New weapon in battle against HIV

Date: 13/01/2009
Researchers have discovered a potentially important new resistance factor in the battle against HIV: blood types. An international team of researchers from Canadian Blood Services, The Hospital for Sick Children (SickKids) and Lund University in Sweden have discovered that certain blood types are more predisposed to contracting HIV, while others are more effective at fending it off.
A carbohydrate-containing antigen, termed Pk blood group which is distinct from the well-known ABO and Rh blood grouping systems, is present at variable levels on the surface of white and red blood cells in the general population. A study published today in Blood, which is currently available online, shows that cells from rare individuals (≈ 1 in a million) who produce excess of this blood group antigen have dramatically reduced sensitivity to HIV infection. Conversely, another slightly more common subgroup of people who do not produce any Pk (≈ 5 in a million) was found to be much more susceptible to the virus.

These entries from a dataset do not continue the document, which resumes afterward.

(* Let $X$ and $Y$ be Tychonoff spaces, $\lambda\in\hat{P}(X\times Y)$, let $V_1,\dots,V_n$ be open sets in $X\times Y$ and $\varepsilon_0>0$. Then for every $\varepsilon>0$ there exist pairwise disjoint open sets $W_1,\dots,W_m\subset X\times Y$, each of the form $W_j=W_j'\times W_j''$ with $W_j'\subset X$ and $W_j''\subset Y$ open, and a number $\delta>0$ such that (i) $\lambda(V_i)-\sum_{\{j\colon W_j\subset V_i\}}\lambda(W_j)<\varepsilon$ for every $i=1,\dots,n$; (ii) $O(\lambda,W_1,\dots,W_m,\delta)\subset O(\lambda,V_1,\dots,V_n,\varepsilon_0)$; (iii) for $l=1,2$ and all $j',j''\in\{1,\dots,m\}$, either $\mathrm{pr}_l(W_{j'})\cap\mathrm{pr}_l(W_{j''})=\emptyset$ or $\mathrm{pr}_l(W_{j'})=\mathrm{pr}_l(W_{j''})$.
   Context: For a Tychonoff space $Z$, $\hat{P}(Z)$ is the set of Radon probability measures on $Z$ (Borel probability measures $\mu$ with $\mu(A)=\sup\{\mu(K)\colon K\subset A \text{ compact}\}$ for all Borel $A$). For $\mu\in\hat{P}(Z)$, open sets $U_1,\dots,U_k\subset Z$ and $\eta>0$, $O(\mu,U_1,\dots,U_k,\eta)=\{\nu\in\hat{P}(Z)\colon \nu(U_i)>\mu(U_i)-\eta,\ i=1,\dots,k\}$; these sets form a base of the weak-* topology. $\mathrm{pr}_1,\mathrm{pr}_2$ are the coordinate projections of $X\times Y$. *)

From HB Require Import structures.
From mathcomp Require Import all_boot all_order all_algebra.
From mathcomp Require Import all_classical all_reals all_analysis.
Set Implicit Arguments. Unset Strict Implicit. Unset Printing Implicit Defensive.
Import Order.TTheory GRing.Theory Num.Theory.
Import numFieldNormedType.Exports.
Local Open Scope classical_set_scope.
Local Open Scope ring_scope.

Definition tychonoff_space (T : topologicalType) : Prop :=
  completely_regular_space T /\ hausdorff_space T.

Definition borel_set (Z : topologicalType) (A : set Z) : Prop :=
  <<s [set U : set Z | open U] >> A.

Definition radon_prob (R : realType) (Z : topologicalType) (mu : set Z -> R) : Prop :=
  [/\ mu set0 = 0,
      (forall A, borel_set A -> 0 <= mu A),
      (forall F : nat -> set Z, (forall k, borel_set (F k)) ->
          (forall k l, k <> l -> F k `&` F l = set0) ->
          (fun n => \sum_(k < n) mu (F k)) @ \oo --> mu (\bigcup_k F k)),
      mu setT = 1 &
      (forall A, borel_set A ->
          mu A = sup [set mu K | K in [set K : set Z | compact K /\ K `<=` A]])].

Definition Onbhd (R : realType) (Z : topologicalType) (mu : set Z -> R)
    (k : nat) (U : 'I_k -> set Z) (eta : R) : set (set Z -> R) :=
  [set nu | radon_prob nu /\ forall i : 'I_k, mu (U i) - eta < nu (U i)].

(* Inner regularity gives compact sets K_i in V_i carrying all of lam (V i) but
   e/2, and each K_i is covered by finitely many open rectangles U_k x U'_k inside
   V_i.  Each side U_k is shrunk to an open G_k with closure in U_k at a small cost
   in mass: a compact subset of fst^-1 (U_k) of almost full mass projects to a
   compact subset of U_k, which regularity of X separates from the complement of
   U_k (likewise H_k in U'_k).  The atoms of the family (G_k), i.e. the sets of
   points lying in G_k for k in S and outside the closure of G_k otherwise, are open
   and pairwise disjoint, and a point x with (x in U_k -> x in G_k) for all k lies in
   an atom contained in every U_k that contains x.  Products of atoms of (G_k) and
   (H_k) therefore have equal or disjoint projections, and outside the small set
   of points lost by the shrinking they cover K_i by cells lying in V_i, which is
   (i).  As the cells are disjoint, nu (V i) is at least the sum of nu over the
   cells inside V_i, so (ii) holds once the error in (i) and m * delta are both
   at most eps0 / 2. *)

From HB Require Import structures.
From mathcomp Require Import all_boot all_order all_algebra.
From mathcomp Require Import all_classical all_reals all_analysis.
From mathcomp Require Import finmap ring lra.
Import Order.TTheory GRing.Theory Num.Theory.
Import numFieldNormedType.Exports.
Local Open Scope classical_set_scope.
Local Open Scope ring_scope.

Section borel_sets.
Context {Z : topologicalType}.

Lemma borel0 : borel_set (set0 : set Z).
Proof. exact: sigma_algebra0. Qed.
(* Let $\Gamma$ and $\Gamma'$ be connected strongly regular graphs with the same parameters $(n,k,a,c)$, with vertex sets $X$, $X'$, and let $x\in X$, $x'\in X'$. Let $i\in\{1,2\}$. Let $v\in E^*_i(x)V$ be an eigenvector of $E^*_i(x)AE^*_i(x)$ with eigenvalue $\lambda$ such that $\langle \mathbf{1},v\rangle=0$, and let $v'\in E'^*_i(x')V'$ be an eigenvector of $E'^*_i(x')A'E'^*_i(x')$ with eigenvalue $\lambda'$ such that $\langle \mathbf{1},v'\rangle=0$. Then $\lambda=\lambda'$ if and only if there exists a $\mathbb{C}$-linear bijection $\rho:T(x)v\to T'(x')v'$ with $\rho Aw=A'\rho w$ and $\rho E^*_j(x)w=E'^*_j(x')\rho w$ for all $w\in T(x)v$ and all $j$.
   Context: A strongly regular graph with parameters $(n,k,a,c)$ is a $k$-regular graph on $n$ vertices in which every pair of adjacent vertices has exactly $a$ common neighbours and every pair of distinct non-adjacent vertices has exactly $c$ common neighbours. For $\Gamma$ with vertex set $X$, distance $\partial$ and diameter $D$, let $A$ be its adjacency matrix, $V=\mathbb{C}^X$ with the standard Hermitian inner product $\langle u,w\rangle=u^t\overline{w}$, $\mathbf{1}$ the all-ones vector, and $E^*_j(x)$ ($0\le j\le D$) the diagonal matrix with $(E^*_j(x))_{yy}=1$ if $\partial(x,y)=j$ and $0$ otherwise. The Terwilliger algebra $T(x)$ is the subalgebra of $\mathrm{Mat}_X(\mathbb{C})$ generated by $A,E^*_0(x),\dots,E^*_D(x)$, and $T(x)v=\{Bv:B\in T(x)\}$. The same notation with primes is used for $\Gamma'$. *)

From mathcomp Require Import all_boot all_order all_algebra.
From mathcomp Require Export algC.
Set Implicit Arguments. Unset Strict Implicit. Unset Printing Implicit Defensive.
Import Order.TTheory GRing.Theory Num.Theory.
Local Open Scope ring_scope.

Section Graphs.
Variable n : nat.

Definition srg (k a c : nat) (e : rel 'I_n) : Prop :=
  [/\ symmetric e, irreflexive e,
      (forall x, #|[set y | e x y]| = k),
      (forall x y, e x y -> #|[set z | e x z && e y z]| = a)
    & (forall x y, x != y -> ~~ e x y -> #|[set z | e x z && e y z]| = c)].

"This study is not suggesting that your blood type alone determines if you will get HIV," says lead author Dr. Don Branch of Canadian Blood Services. "However, it does suggest that individuals who are exposed to the virus, may be helped or hindered by their blood status in fighting the infection."

Increasing the level of the Pk antigen in cells in the laboratory also resulted in heightened resistance to HIV, while lowering it increased susceptibility. The Pk molecule has been previously studied extensively by The Research Institute at the Hospital for Sick Children Senior Scientist Dr. Cliff Lingwood; Lund University's Dr. Martin Olsson has identified underlying genetic reasons for Pk blood group variation.

"This discovery implicates the Pk level as a new risk factor for HIV infection and demonstrates the importance of blood-group-related science," says Dr. Olsson.

"The conclusions of this study pave the way for novel therapeutic approaches to induce HIV resistance and promote further understanding of the pandemic as a whole," says Dr. Lingwood.